Work instruction: Once you find the line containing "Section AddVertex." in the data below, copy it and each following line exactly, up to and including the line containing "(** Density operator", and nothing else.

Records to use:
(* px_k(V,adj): the minimum number of colors of a k-proper coloring
   (0 by convention if there is none, which does not occur for connected graphs). *)
Definition px (T : finType) (V : {set T}) (adj : rel T) (k : nat) : nat :=
  match pselect (exists m, k_proper_with V adj k m) with
  | left h => ex_minn (ex_asbool_helper h)
  | right _ => 0
  end.

(* Start from a k-proper coloring of H with px_k(H) colors and add the
   vertices outside H one at a time, each joined to the vertices already
   present by an edge of G that receives a fresh color.  A set S containing
   the new vertex v is handled by replacing v with its neighbour w, taking a
   proper tree for the smaller set and hanging v from w as a leaf; the fresh
   color keeps that tree proper.  The invariant carried along is the
   existence of proper S-trees for all |S| <= k.  For k >= n_H one starts
   from an n_H-proper coloring of H instead: its trees span H, so the
   invariant then holds for sets of every size. *)
From mathcomp Require Import all_boot boolp zify.
Set Implicit Arguments. Unset Strict Implicit. Unset Printing Implicit Defensive.

Section ProperTrees.
Variable T : finType.
Implicit Types (V W S : {set T}) (F : {set {set T}}) (adj : rel T) (c : {set T} -> nat).

Definition recolor c (e0 : {set T}) (b : nat) (e : {set T}) : nat :=
  if e == e0 then b else c e.

Lemma recolor_notin c e0 b F : e0 \notin F -> {in F, recolor c e0 b =1 c}.
Proof. by move=> e0F e eF; rewrite /recolor; case: eqP => // ee; rewrite -ee eF in e0F. Qed.

Definition proper_tree_for V adj c (B : nat) S :=
  exists W F,
    [/\ is_tree V adj W F, S \subset W, proper_edges c F & {in F, forall e, c e < B}].

Definition proper_upto V adj c (j B : nat) :=
  forall S, S \subset V -> #|S| <= j -> proper_tree_for V adj c B S.

Lemma tree_edge_sub V adj W F e : is_tree V adj W F -> e \in F -> e \subset W.
Proof.
case=> _ _ edgeF _ _ /edgeF [x [y [-> _ xW yW]]].
by apply/subsetP=> z; rewrite !inE => /orP[]/eqP->.
Qed.

Lemma is_tree_subset V V' adj W F :
  V \subset V' -> is_tree V adj W F -> is_tree V' adj W F.
Proof. by move=> sVV' [? sWV ? ? ?]; split=> //; apply: subset_trans sVV'. Qed.

Lemma is_tree_subrel V adj adj' W F :
  subrel adj adj' -> is_tree V adj W F -> is_tree V adj' W F.
Proof.
move=> sadj [? ? edgeF ? ?]; split=> // e /edgeF [x [y [-> xy xW yW]]].
by exists x, y; split=> //; apply: sadj.
Qed.

Lemma edge_notin_tree V adj W F w v :
  is_tree V adj W F -> v \notin V -> [set w; v] \notin F.
Proof.
move=> tr vV; apply: contra vV => /(tree_edge_sub tr) /subsetP sW.
by case: tr => _ /subsetP sWV _ _ _; apply/sWV/sW; rewrite !inE eqxx orbT.
Qed.

Lemma is_tree_add_leaf V adj W F w v :
  is_tree V adj W F -> v \notin V -> w \in W -> adj w v ->
  is_tree (v |: V) adj (v |: W) ([set w; v] |: F).
Proof.
move=> tr vV wW wv; have [W0 sWV edgeF connF cardF] := tr.
have vW : v \notin W by apply: contra vV; apply: (subsetP sWV).
pose E := [rel x y | [set x; y] \in [set w; v] |: F].
have symE : connect_sym E.
  by apply: sym_connect_sym => x y /=; rewrite /E /= setUC.
have sFE : forall x y, connect (fun x y => [set x; y] \in F) x y -> connect E x y.
  by apply: connect_sub => x y xy; apply: connect1; rewrite /E /= in_setU1 xy orbT.
have connw : forall x, x \in v |: W -> connect E x w.
  move=> x; rewrite in_setU1 => /orP[/eqP->|xW]; last exact/sFE/connF.
  by rewrite symE; apply: connect1; rewrite /E /= setU11.
split.
- by apply/set0Pn; exists v; rewrite setU11.
- exact: setUS.
- move=> e; rewrite in_setU1 => /orP[/eqP->|/edgeF [x [y [-> xy xW yW]]]].
    by exists w, v; rewrite !inE eqxx wW orbT.
  by exists x, y; rewrite !inE xW yW !orbT.
- by move=> x y xW yW; rewrite (connect_trans (connw x xW)) // symE connw.
- rewrite cardsU1 vW cardsU1 (edge_notin_tree w tr vV) cardF.
  by have := card_gt0 W; rewrite W0; lia.
Qed.

Lemma eq_proper_edges c c' F :
  {in F, c' =1 c} -> proper_edges c F -> proper_edges c' F.
Proof. by move=> eqc pr e1 e2 e1F e2F; rewrite !eqc //; apply: pr. Qed.

Lemma proper_edges_fresh c F e0 b :
  proper_edges c F -> {in F, forall e, c e < b} -> e0 \notin F ->
  proper_edges (recolor c e0 b) (e0 |: F).
Proof.
move=> pr cb e0F e1 e2; have eqc := recolor_notin c b e0F.
rewrite !in_setU1; case/orP=> [/eqP->|e1F] /orP[/eqP->|e2F]; rewrite ?eqxx //.
- by rewrite (eqc e2) // /recolor eqxx => _ _; have := cb _ e2F; lia.
- by rewrite (eqc e1) // /recolor eqxx => _ _; have := cb _ e1F; lia.
- by rewrite !eqc //; apply: pr.
Qed.

Lemma proper_tree_for_subset V adj c B S S' :
  S' \subset S -> proper_tree_for V adj c B S -> proper_tree_for V adj c B S'.
Proof.
by move=> sS [W [F [tr sSW pr cB]]]; exists W, F; split=> //; apply: subset_trans sSW.
Qed.

Lemma proper_tree_for_subrel V adj adj' c B S :
  subrel adj adj' -> proper_tree_for V adj c B S -> proper_tree_for V adj' c B S.
Proof.
by move=> sadj [W [F [tr ? ? ?]]]; exists W, F; split=> //; apply: is_tree_subrel tr.
Qed.

Section AddVertex.
Variables (V : {set T}) (adj : rel T) (c : {set T} -> nat) (B : nat) (w v : T).
Hypotheses (vV : v \notin V) (wv : adj w v).

Let c' := recolor c [set w; v] B.
(* Let $\{\rho_\theta\}_{\theta\in\Theta}$ be a differentiable family of density operators on a $d$-dimensional Hilbert space. For $\varepsilon\in(0,1)$ set $\rho_\theta^\varepsilon:=(1-\varepsilon)\rho_\theta+\varepsilon\, I/d$. Then $$I_F(\theta;\{\rho_\theta\}_\theta)=\lim_{\varepsilon\to 0}I_F(\theta;\{\rho^\varepsilon_\theta\}_\theta),$$ including the case where the left-hand side equals $+\infty$.
   Context: All Hilbert spaces are finite-dimensional; $\Theta\subseteq\mathbb{R}$ is the parameter set and $\partial_\theta$ denotes the derivative with respect to $\theta$. For a differentiable family $\{\rho_\theta\}_\theta$ of density operators with spectral decomposition $\rho_\theta=\sum_j\lambda^j_\theta|\psi^j_\theta\rangle\langle\psi^j_\theta|$ (including zero eigenvalues), let $\Pi^\perp_{\rho_\theta}$ be the projection onto the kernel of $\rho_\theta$. The SLD Fisher information is $I_F(\theta;\{\rho_\theta\}_\theta)=2\sum_{j,k:\lambda^j_\theta+\lambda^k_\theta>0}\frac{|\langle\psi^j_\theta|(\partial_\theta\rho_\theta)|\psi^k_\theta\rangle|^2}{\lambda^j_\theta+\lambda^k_\theta}$ if $\Pi^\perp_{\rho_\theta}(\partial_\theta\rho_\theta)\Pi^\perp_{\rho_\theta}=0$, and $+\infty$ otherwise. *)

From HB Require Import structures.
From mathcomp Require Import all_boot all_order all_algebra.
From mathcomp Require Import spectral sesquilinear.
From mathcomp Require Import complex.
From mathcomp Require Import all_classical all_reals all_analysis.
Set Implicit Arguments. Unset Strict Implicit. Unset Printing Implicit Defensive.
Import Order.TTheory GRing.Theory Num.Theory.
Import numFieldNormedType.Exports.
Local Open Scope ring_scope.

Section QFI.
Variable R : realType.
Local Notation C := (R[i]).

Definition adjmx (m n : nat) (A : 'M[C]_(m, n)) : 'M[C]_(n, m) :=
  (map_mx (@Num.conj C) A)^T.

(** Density operator on C^d: Hermitian, positive semidefinite, trace one.
    (Vectors are row vectors v; <x|rho|x> for x = v^dagger is v rho v^dagger.) *)
Definition density_op (d : nat) (rho : 'M[C]_d) : Prop :=
  [/\ adjmx rho = rho,
      (forall v : 'rV[C]_d, 0 <= (v *m rho *m adjmx v) 0 0) &
      \tr rho = 1].

Definition mx_derivable (d : nat) (rho : R -> 'M[C]_d) (t : R) : Prop :=
  forall i j : 'I_d,
    derivable (fun s : R => complex.Re (rho s i j)) t 1 /\
    derivable (fun s : R => complex.Im (rho s i j)) t 1.

Definition mx_derive (d : nat) (rho : R -> 'M[C]_d) (t : R) : 'M[C]_d :=
  \matrix_(i, j) Complex (derive1 (fun s : R => complex.Re (rho s i j)) t)
                         (derive1 (fun s : R => complex.Im (rho s i j)) t).

(** Spectral decomposition rho = sum_j lam_j |psi_j><psi_j| (zero eigenvalues
    included), taken from the library: rho = U^dagger diag(lam) U with U
    unitary, so that <psi_j| is the j-th row of U. *)
Definition eigU (d : nat) (rho : 'M[C]_d) : 'M[C]_d := spectralmx rho.
Definition eigval (d : nat) (rho : 'M[C]_d) (j : 'I_d) : R :=
  complex.Re (spectral_diag rho 0 j).

Definition ker_proj (d : nat) (rho : 'M[C]_d) : 'M[C]_d :=
  adjmx (eigU rho) *m diag_mx (\row_j ((eigval rho j == 0)%:R : C)) *m eigU rho.

Definition SLD_fisher (d : nat) (rho drho : 'M[C]_d) : \bar R :=
  let M := eigU rho *m drho *m adjmx (eigU rho) in   (* M j k = <psi_j|drho|psi_k> *)
  if ker_proj rho *m drho *m ker_proj rho == 0 then
    (2 * \sum_(j < d) \sum_(k < d | 0 < eigval rho j + eigval rho k)
       (complex.Re `|M j k| ^+ 2 / (eigval rho j + eigval rho k)))%:E
  else +oo%E.

Definition fisher_info (d : nat) (rho : R -> 'M[C]_d) (theta : R) : \bar R :=
  SLD_fisher (rho theta) (mx_derive rho theta).

Definition depolarize (d : nat) (eps : R) (rho : 'M[C]_d) : 'M[C]_d :=
  Complex (1 - eps) 0 *: rho + Complex (eps / d%:R) 0 *: 1%:M.

End QFI.

From HB Require Import structures.
From mathcomp Require Import all_boot all_order all_algebra.
From mathcomp Require Import spectral sesquilinear complex.
From mathcomp Require Import all_classical all_reals all_analysis.
From mathcomp Require Import ring lra.
Import Order.TTheory GRing.Theory Num.Theory.
Import numFieldNormedType.Exports.
Local Open Scope ring_scope.
Local Open Scope sesquilinear_scope.
Local Open Scope complex_scope.
Set Implicit Arguments. Unset Strict Implicit.

(** Let [r = U^* diag(lam) U] be the spectral decomposition of [rho_theta] and
  [M = U (d rho) U^*] the derivative in its eigenbasis.  The depolarized family
  [rho^eps = (1 - eps) rho + eps I/d] has derivative [(1 - eps) d rho] and is
  diagonal in the same basis, with eigenvalues [(1 - eps) lam_j + eps/d].  The
  definition [SLD_fisher], however, reads the eigenbasis of [rho^eps] off the
  library's own spectral decomposition, which need not be [U].  For a positive
  definite matrix [A] the Fisher form [sum_(j,k) |M_jk|^2/(l_j + l_k)] does not
  depend on the eigenbasis: it equals [tr (D^* L)] for the unique solution [L] of
  the Lyapunov equation [A L + L A = D].  Hence for [0 < eps < 1]
    [I_F(rho^eps) = 2 sum_(j,k) (1-eps)^2 |M_jk|^2 / ((1-eps)(lam_j+lam_k) + 2eps/d)].
  As [eps -> 0], the terms with [lam_j + lam_k > 0] converge to those of
  [I_F(rho)]; if the kernel condition [Pi (d rho) Pi = 0] holds the other terms
  vanish, and otherwise some [M_jk != 0] with [lam_j = lam_k = 0] yields a term
  of order [1/eps], so the limit is [+oo]. *)

Section UnitaryConjugation.
Variable R : realType.
Local Notation C := (R[i]).

Lemma adjmxE m n (A : 'M[C]_(m, n)) : adjmx A = A^t*.
Proof. by rewrite /adjmx map_trmx. Qed.

Lemma adjmxK m n (A : 'M[C]_(m, n)) : adjmx (adjmx A) = A.
Proof. by rewrite !adjmxE trmxCK. Qed.

Lemma adjmxM m n p (A : 'M[C]_(m, n)) (B : 'M[C]_(n, p)) :
  adjmx (A *m B) = adjmx B *m adjmx A.
Proof. by rewrite /adjmx map_mxM trmx_mul. Qed.

Lemma adjmxD m n (A B : 'M[C]_(m, n)) : adjmx (A + B) = adjmx A + adjmx B.
Proof. by rewrite /adjmx map_mxD linearD. Qed.

Lemma adjmxZ m n a (A : 'M[C]_(m, n)) : adjmx (a *: A) = a^* *: adjmx A.
Proof. by apply/matrixP=> i j; rewrite !mxE rmorphM. Qed.

Lemma adjmx1 n : adjmx (1%:M : 'M[C]_n) = 1%:M.
Proof. by rewrite /adjmx map_mx1 trmx1. Qed.

Section Unitary.
Variables (n : nat) (V : 'M[C]_n).
Hypothesis V_unitary : V \is unitarymx.

Lemma unitary_mulmxV : V *m adjmx V = 1%:M.
Proof. by move/unitarymxP: V_unitary; rewrite adjmxE. Qed.

Lemma unitary_mulVmx : adjmx V *m V = 1%:M.
Proof.
by rewrite adjmxE -invmx_unitary // mulVmx // unitarymx_unit.
Qed.

Lemma conj_unitaryM (P Q : 'M[C]_n) :
  (adjmx V *m P *m V) *m (adjmx V *m Q *m V) = adjmx V *m (P *m Q) *m V.
Proof.
rewrite -!mulmxA; congr (_ *m (_ *m _)).
by rewrite mulmxA unitary_mulmxV mul1mx.
Qed.

Lemma conj_unitaryK (D : 'M[C]_n) : adjmx V *m (V *m D *m adjmx V) *m V = D.
Proof. by rewrite !mulmxA unitary_mulVmx mul1mx -mulmxA unitary_mulVmx mulmx1. Qed.

Lemma conj_unitaryVK (Z : 'M[C]_n) : V *m (adjmx V *m Z *m V) *m adjmx V = Z.
Proof. by rewrite !mulmxA unitary_mulmxV mul1mx -mulmxA unitary_mulmxV mulmx1. Qed.

Lemma mxtrace_conj_unitary (M N : 'M[C]_n) :
  \tr (adjmx (adjmx V *m M *m V) *m (adjmx V *m N *m V)) = \tr (adjmx M *m N).
Proof.
rewrite !adjmxM adjmxK [adjmx V *m (adjmx M *m V)]mulmxA conj_unitaryM.
by rewrite mxtrace_mulC (mulmxA V) unitary_mulmxV mul1mx.
Qed.

End Unitary.

Lemma conj_diag_entry n (V A : 'M[C]_n) j :
  (V *m A *m adjmx V) j j = (row j V *m A *m adjmx (row j V)) 0 0.
Proof.
rewrite !mxE; apply: eq_bigr => k _; rewrite !mxE; congr (_ * _).
by apply: eq_bigr => l _; rewrite !mxE.
Qed.

End UnitaryConjugation.

Section Eigenvalues.
Variable R : realType.
Local Notation C := (R[i]).

Definition psd n (A : 'M[C]_n) : Prop :=
  forall v : 'rV[C]_n, 0 <= (v *m A *m adjmx v) 0 0.

Lemma eigU_spectral n (A : 'M[C]_n) : adjmx A = A ->
  A = adjmx (eigU A) *m diag_mx (spectral_diag A) *m eigU A.
Proof.
move=> hA; have A_normal : A \is normalmx by apply/normalmxP; rewrite -adjmxE hA.
rewrite /eigU adjmxE -invmx_unitary ?spectral_unitarymx //.
exact: orthomx_spectralP.
Qed.

Lemma unitary_diagonalize n (V A : 'M[C]_n) s : V \is unitarymx ->
  A = adjmx V *m diag_mx s *m V -> V *m A *m adjmx V = diag_mx s.
Proof. by move=> Vu ->; rewrite conj_unitaryVK. Qed.

Lemma eigval_ge n (A : 'M[C]_n) (c : R) j : adjmx A = A ->
  psd (A - (c%:C)%:M) -> spectral_diag A 0 j = (eigval A j)%:C /\ c <= eigval A j.
Proof.
move=> hA A_ge_c; have Vu := spectral_unitarymx A.
have E : eigU A *m A *m adjmx (eigU A) =
    eigU A *m (A - (c%:C)%:M) *m adjmx (eigU A) + (c%:C)%:M.
  by rewrite mulmxBr mulmxBl mul_mx_scalar -scalemxAl unitary_mulmxV // scalemx1 subrK.
have ejj : spectral_diag A 0 j = (eigU A *m A *m adjmx (eigU A)) j j.
  by rewrite (unitary_diagonalize Vu (eigU_spectral hA)) mxE eqxx mulr1n.
have quad := A_ge_c (row j (eigU A)); rewrite -conj_diag_entry in quad.
rewrite /eigval ejj E mxE [X in _ + X]mxE eqxx mulr1n.
move: quad; case: (_ j j) => a b; rewrite lecE /= => /andP[/eqP -> a_ge0].
split; last by rewrite lerDr.
by apply/eqP; rewrite eq_complex /= addr0 !eqxx.
Qed.

Lemma eigval_psd n (A : 'M[C]_n) j : adjmx A = A -> psd A ->
  spectral_diag A 0 j = (eigval A j)%:C /\ 0 <= eigval A j.
Proof.
move=> hA A_psd; apply: eigval_ge => // v.
have -> : ((0 : R)%:C)%:M = 0 :> 'M[C]_n by rewrite raddf0.
by rewrite subr0.
Qed.

End Eigenvalues.

Section FisherForm.
Variable R : realType.
Local Notation C := (R[i]).

Lemma sqr_Re_normc (z : C) :
  (complex.Re `|z|) ^+ 2 = complex.Re z ^+ 2 + complex.Im z ^+ 2.
Proof. by rewrite normc_def /= sqr_sqrtr ?addr_ge0 ?sqr_ge0. Qed.

Lemma sqr_Re_normcE (z : C) : ((complex.Re `|z|) ^+ 2)%:C = z * z^*.
Proof.
by rewrite normc_def /= sqr_sqrtr ?addr_ge0 ?sqr_ge0 // add_Re2_Im2 sqr_normc.
Qed.

Definition fisher_form n (M : 'M[C]_n) (l : 'I_n -> R) : R :=
  \sum_j \sum_k (complex.Re `|M j k|) ^+ 2 / (l j + l k).

Section Lyapunov.
Variables (n : nat) (A V : 'M[C]_n) (s : 'rV[C]_n).
Hypothesis V_unitary : V \is unitarymx.
Hypothesis A_spectral : A = adjmx V *m diag_mx s *m V.
Hypothesis s_sum_neq0 : forall j k, s 0 j + s 0 k != 0.

Definition lyap_sol (D : 'M[C]_n) : 'M[C]_n :=
  adjmx V *m (\matrix_(j, k) ((V *m D *m adjmx V) j k / (s 0 j + s 0 k))) *m V.

Lemma lyap_solP D : A *m lyap_sol D + lyap_sol D *m A = D.
Proof.
rewrite A_spectral /lyap_sol !conj_unitaryM // -mulmxDl -mulmxDr.
set L := \matrix_(j, k) _.
suff -> : diag_mx s *m L + L *m diag_mx s = V *m D *m adjmx V.
  exact: conj_unitaryK.
apply/matrixP => j k; rewrite mxE mul_diag_mx mul_mx_diag !mxE.
by rewrite [s 0 j * _]mulrC -mulrDr divfK.
Qed.

Lemma lyap_uniq X : A *m X + X *m A = 0 -> X = 0.
Proof.
move=> AX0; set Y := V *m X *m adjmx V.
have EX : X = adjmx V *m Y *m V by rewrite /Y conj_unitaryK.
have Y0 : diag_mx s *m Y + Y *m diag_mx s = 0.
  move: AX0; rewrite A_spectral EX !conj_unitaryM // -mulmxDl -mulmxDr => AX0.
  by rewrite -(conj_unitaryVK V_unitary (_ + _)) AX0 mulmx0 mul0mx.
suff Y_eq0 : Y = 0 by rewrite EX Y_eq0 mulmx0 mul0mx.
apply/matrixP => j k; have /matrixP /(_ j k) := Y0.
rewrite mxE mul_diag_mx mul_mx_diag !mxE => /eqP.
by rewrite mulrC -mulrDr mulf_eq0 (negbTE (s_sum_neq0 _ _)) orbF => /eqP ->.
Qed.

Lemma mxtrace_lyap_sol D : \tr (adjmx D *m lyap_sol D) =
  \sum_j \sum_k ((V *m D *m adjmx V) k j)^* * (V *m D *m adjmx V) k j
     / (s 0 k + s 0 j).
Proof.
set M := V *m D *m adjmx V.
have ED : D = adjmx V *m M *m V by rewrite /M conj_unitaryK.
rewrite {1}ED /lyap_sol mxtrace_conj_unitary // /mxtrace.
apply: eq_bigr => j _; rewrite !mxE; apply: eq_bigr => k _.
by rewrite !mxE mulrA.
Qed.

End Lyapunov.

(** The Fisher form as a complex sum, in the shape of [mxtrace_lyap_sol]. *)
Lemma fisher_formE n (M : 'M[C]_n) (s : 'rV[C]_n) (l : 'I_n -> R) :
  (forall j, s 0 j = (l j)%:C) ->
  (fisher_form M l)%:C = \sum_j \sum_k (M k j)^* * M k j / (s 0 k + s 0 j).
Proof.
move=> sE; rewrite /fisher_form rmorph_sum [RHS]exchange_big.
apply: eq_bigr => j _; rewrite rmorph_sum; apply: eq_bigr => k _.
rewrite fmorph_div rmorphD !sE; congr (_ / _); by rewrite mulrC -sqr_Re_normcE.
Qed.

Reply:
Section AddVertex.
Variables (V : {set T}) (adj : rel T) (c : {set T} -> nat) (B : nat) (w v : T).
Hypotheses (vV : v \notin V) (wv : adj w v).

Let c' := recolor c [set w; v] B.
(* Let $\{\rho_\theta\}_{\theta\in\Theta}$ be a differentiable family of density operators on a $d$-dimensional Hilbert space. For $\varepsilon\in(0,1)$ set $\rho_\theta^\varepsilon:=(1-\varepsilon)\rho_\theta+\varepsilon\, I/d$. Then $$I_F(\theta;\{\rho_\theta\}_\theta)=\lim_{\varepsilon\to 0}I_F(\theta;\{\rho^\varepsilon_\theta\}_\theta),$$ including the case where the left-hand side equals $+\infty$.
   Context: All Hilbert spaces are finite-dimensional; $\Theta\subseteq\mathbb{R}$ is the parameter set and $\partial_\theta$ denotes the derivative with respect to $\theta$. For a differentiable family $\{\rho_\theta\}_\theta$ of density operators with spectral decomposition $\rho_\theta=\sum_j\lambda^j_\theta|\psi^j_\theta\rangle\langle\psi^j_\theta|$ (including zero eigenvalues), let $\Pi^\perp_{\rho_\theta}$ be the projection onto the kernel of $\rho_\theta$. The SLD Fisher information is $I_F(\theta;\{\rho_\theta\}_\theta)=2\sum_{j,k:\lambda^j_\theta+\lambda^k_\theta>0}\frac{|\langle\psi^j_\theta|(\partial_\theta\rho_\theta)|\psi^k_\theta\rangle|^2}{\lambda^j_\theta+\lambda^k_\theta}$ if $\Pi^\perp_{\rho_\theta}(\partial_\theta\rho_\theta)\Pi^\perp_{\rho_\theta}=0$, and $+\infty$ otherwise. *)

From HB Require Import structures.
From mathcomp Require Import all_boot all_order all_algebra.
From mathcomp Require Import spectral sesquilinear.
From mathcomp Require Import complex.
From mathcomp Require Import all_classical all_reals all_analysis.
Set Implicit Arguments. Unset Strict Implicit. Unset Printing Implicit Defensive.
Import Order.TTheory GRing.Theory Num.Theory.
Import numFieldNormedType.Exports.
Local Open Scope ring_scope.

Section QFI.
Variable R : realType.
Local Notation C := (R[i]).

Definition adjmx (m n : nat) (A : 'M[C]_(m, n)) : 'M[C]_(n, m) :=
  (map_mx (@Num.conj C) A)^T.

(** Density operator on C^d: Hermitian, positive semidefinite, trace one.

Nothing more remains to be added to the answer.